(* Let $k$ be an algebraically closed field of characteristic zero, $A=k[x,y]$, $\mathfrak m=(x,y)$. Let $M$ be an $A$-module of length $4$ supported at $\mathfrak m$ with $\dim_k M/\mathfrak m M=3$. Then either $M\cong k\oplus (A/\mathfrak m^2)^\ast$, or $M\cong k^2\oplus\mathscr O_Z$, where $k=A/\mathfrak m$ and $\mathscr O_Z=A/I$ is the structure sheaf of a length-$2$ subscheme $Z\subset\mathbb A^2$ supported at the origin.
   Context: $(A/\mathfrak m^2)^\ast=\operatorname{Hom}_k(A/\mathfrak m^2,k)$ with $A$-action $(a\cdot\varphi)(m)=\varphi(am)$. *)

From HB Require Import structures.
From mathcomp Require Import all_boot all_order all_algebra.
Set Implicit Arguments. Unset Strict Implicit. Unset Printing Implicit Defensive.
Import Order.TTheory GRing.Theory Num.Theory.
Local Open Scope ring_scope.

(* A module over A = k[x,y] whose underlying k-space is finite dimensional:
   the space of row vectors 'rV[k]_n, with x and y acting (on the right)
   by two commuting matrices: x.v = v *m actX, y.v = v *m actY. *)
Record kxy_mod (k : fieldType) := KxyMod {
  mdim : nat;
  actX : 'M[k]_mdim;
  actY : 'M[k]_mdim;
  act_comm : actX *m actY = actY *m actX }.

Section Defs.
Variable k : fieldType.

Definition is_submod (M : kxy_mod k) (U : 'M[k]_(mdim M)) : bool :=
  (U *m actX M <= U)%MS && (U *m actY M <= U)%MS.

Definition has_length (M : kxy_mod k) (l : nat) : Prop :=
  exists U : nat -> 'M[k]_(mdim M),
    U 0%N = 0 /\ (U l == (1%:M : 'M[k]_(mdim M)))%MS /\
    (forall i, (i <= l)%N -> is_submod (U i)) /\
    (forall i, (i < l)%N ->
       (U i < U i.+1)%MS /\
       forall W : 'M[k]_(mdim M), is_submod W ->
          (U i <= W)%MS -> (W <= U i.+1)%MS ->
          (W == U i)%MS || (W == U i.+1)%MS).

(* Supported at m = (x,y): m^N M = 0 for some N, i.e. every monomial
   x^i y^(N-i) of degree N acts as zero. *)
Definition supported_at_m (M : kxy_mod k) : Prop :=
  exists N : nat, forall i, (i <= N)%N ->
    actX M ^+ i *m actY M ^+ (N - i) = 0.

(* dim_k M/mM, where mM = xM + yM *)
Definition top_dim (M : kxy_mod k) : nat :=
  (mdim M - \rank (actX M + actY M)%MS)%N.

Definition mod_iso (M N : kxy_mod k) : Prop :=
  exists P : 'M[k]_(mdim M, mdim N),
    [/\ row_free P, row_full P,
        actX M *m P = P *m actX N & actY M *m P = P *m actY N].

Definition cyclic_mod (M : kxy_mod k) : Prop :=
  exists v : 'rV[k]_(mdim M), forall W : 'M[k]_(mdim M),
    is_submod W -> (v <= W)%MS -> ((1%:M : 'M[k]_(mdim M)) <= W)%MS.

Lemma dsum_comm (M N : kxy_mod k) :
  block_mx (actX M) 0 0 (actX N) *m block_mx (actY M) 0 0 (actY N)
  = block_mx (actY M) 0 0 (actY N) *m block_mx (actX M) 0 0 (actX N).
Proof.
by rewrite !mulmx_block !mulmx0 !mul0mx !addr0 !add0r !act_comm.
Qed.

Definition dsum (M N : kxy_mod k) : kxy_mod k :=
  @KxyMod k (mdim M + mdim N)%N _ _ (dsum_comm M N).

Lemma dual_comm (M : kxy_mod k) :
  (actX M)^T *m (actY M)^T = (actY M)^T *m (actX M)^T.
Proof. by rewrite -!trmx_mul act_comm. Qed.

(* the dual Hom_k(M,k) with (a.phi)(m) = phi(a m): representing phi by the
   column vector c with phi(v) = v *m c, we get a.phi = (X *m c), i.e. as a
   row vector c^T *m X^T. *)
Definition dual_mod (M : kxy_mod k) : kxy_mod k :=
  @KxyMod k (mdim M) _ _ (dual_comm M).

Lemma zero_comm : (0 : 'M[k]_1) *m (0 : 'M[k]_1) = (0 : 'M[k]_1) *m (0 : 'M[k]_1).
Proof. by []. Qed.

Definition k_mod : kxy_mod k := @KxyMod k 1 0 0 zero_comm.

Definition m2X : 'M[k]_3 := delta_mx (inord 0) (inord 1).
Definition m2Y : 'M[k]_3 := delta_mx (inord 0) (inord 2).

Lemma m2_comm : m2X *m m2Y = m2Y *m m2X.
Proof.
rewrite /m2X /m2Y !mul_delta_mx_cond.
have -> : ((inord 1 : 'I_3) == inord 0) = false.
  by apply/negbTE; apply/eqP => /(congr1 val); rewrite /= !inordK.
have -> : ((inord 2 : 'I_3) == inord 0) = false.
  by apply/negbTE; apply/eqP => /(congr1 val); rewrite /= !inordK.
by [].
Qed.

(* A/m^2 in the basis (1, x, y): x.1 = x, y.1 = y, all other products 0 *)
Definition Am2_mod : kxy_mod k := @KxyMod k 3 m2X m2Y m2_comm.

End Defs.

(** Length four forces dim M = 4, because every simple subquotient of a module
    supported at m is k.  Since dim M/mM = 3, the submodule mM is a line <w>,
    and nilpotency of x and y gives x w = y w = 0.  So v |-> (x v, y v) maps M
    into <w>^2 with the socle as kernel, and its rank is 1 or 2.

    Rank 2: choose v1, v2 with (x v1, y v1) = (w, 0) and (x v2, y v2) = (0, w),
    and u0 completing w to a basis of the socle; then (w, v1, v2) spans a copy
    of (A/m^2)^* and u0 a copy of k.

    Rank 1: choose u outside the socle, so x u = a w and y u = b w with
    (a, b) <> 0; then (w, u) spans O_Z for Z = V(m^2, b x - a y), and the
    three-dimensional socle supplies two more copies of k. *)

From HB Require Import structures.
From mathcomp Require Import all_boot all_order all_algebra.
From mathcomp Require Import zify.
Import Order.TTheory GRing.Theory Num.Theory.
Local Open Scope ring_scope.
Set Implicit Arguments. Unset Strict Implicit.

Section LinearAlgebra.
Variable k : fieldType.

Lemma row_notin_of_mxrank_lt n m1 m2 (K : 'M[k]_(m1, n)) (B : 'M[k]_(m2, n)) :
  (\rank B < \rank K)%N -> exists2 u : 'rV_n, (u <= K)%MS & ~~ (u <= B)%MS.
Proof.
move=> ltBK; have : ~~ (K <= B)%MS.
  by apply: contraL ltBK => /mxrankS; rewrite leqNgt.
by case/row_subPn => i notinB; exists (row i K); first exact: row_sub.
Qed.

Lemma mxrank_adds_notin n m (u : 'rV[k]_n) (B : 'M[k]_(m, n)) :
  ~~ (u <= B)%MS -> \rank (u + B)%MS = (\rank B).+1.
Proof.
move=> uB; have ltB : (B < u + B)%MS.
  by rewrite ltmxE addsmxSr addsmx_sub negb_and uB.
have := (mxrank_adds_leqif u B).1; rewrite ltmxErank in ltB.
case/andP: ltB => _; have := rank_leq_row u; lia.
Qed.

Lemma mxrank_adds_kermx n p m1 m2 (K : 'M[k]_(m1, n)) (A : 'M[k]_(m2, n))
    (R : 'M[k]_(n, p)) :
  (K <= kermx R)%MS -> (\rank K + \rank (A *m R) <= \rank (K + A)%MS)%N.
Proof.
move=> /sub_kermxP KR0; rewrite -(mxrank_mul_ker (K + A)%MS R) addnC leq_add //.
  by rewrite addsmxMr KR0 adds0mx.
by apply: mxrankS; rewrite sub_capmx addsmxSl; apply/sub_kermxP.
Qed.

Lemma col_mx_eqmx_adds n m1 m2 m3 m4 (A : 'M[k]_(m1, n)) (B : 'M[k]_(m2, n))
    (C : 'M[k]_(m3, n)) (D : 'M[k]_(m4, n)) :
  (A :=: C)%MS -> (B :=: D)%MS -> (col_mx A B :=: C + D)%MS.
Proof.
by move=> eqAC eqBD; apply: eqmx_trans (eqmx_sym (addsmxE A B)) (adds_eqmx eqAC eqBD).
Qed.

Lemma no_submx_between n m1 m2 m3 (U : 'M[k]_(m1, n)) (W : 'M[k]_(m2, n))
    (V : 'M[k]_(m3, n)) :
  (U <= W)%MS -> (W <= V)%MS -> (\rank V <= (\rank U).+1)%N ->
  (W == U)%MS || (W == V)%MS.
Proof.
move=> UW WV rV; have [eqUW eqWV] := (mxrank_leqif_eq UW, mxrank_leqif_eq WV).
have [rUW | rUW] := eqVneq (\rank U) (\rank W).
  by move: eqUW.2; rewrite rUW eqxx => /esym/andP[-> ->].
have : \rank W == \rank V by have := eqUW.1; have := eqWV.1; lia.
by rewrite eqWV.2 => ->; rewrite orbT.
Qed.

◆ WORK ORDER ◆
From the entries above, give again exactly the lines running from the line with "(forall i, (i <= l)%N" to the line with "(* Supported at"; include both of those lines.

◆ TASK OUTPUT ◆
    (forall i, (i <= l)%N -> is_submod (U i)) /\
    (forall i, (i < l)%N ->
       (U i < U i.+1)%MS /\
       forall W : 'M[k]_(mdim M), is_submod W ->
          (U i <= W)%MS -> (W <= U i.+1)%MS ->
          (W == U i)%MS || (W == U i.+1)%MS).

(* Supported at m = (x,y): m^N M = 0 for some N, i.e. every monomial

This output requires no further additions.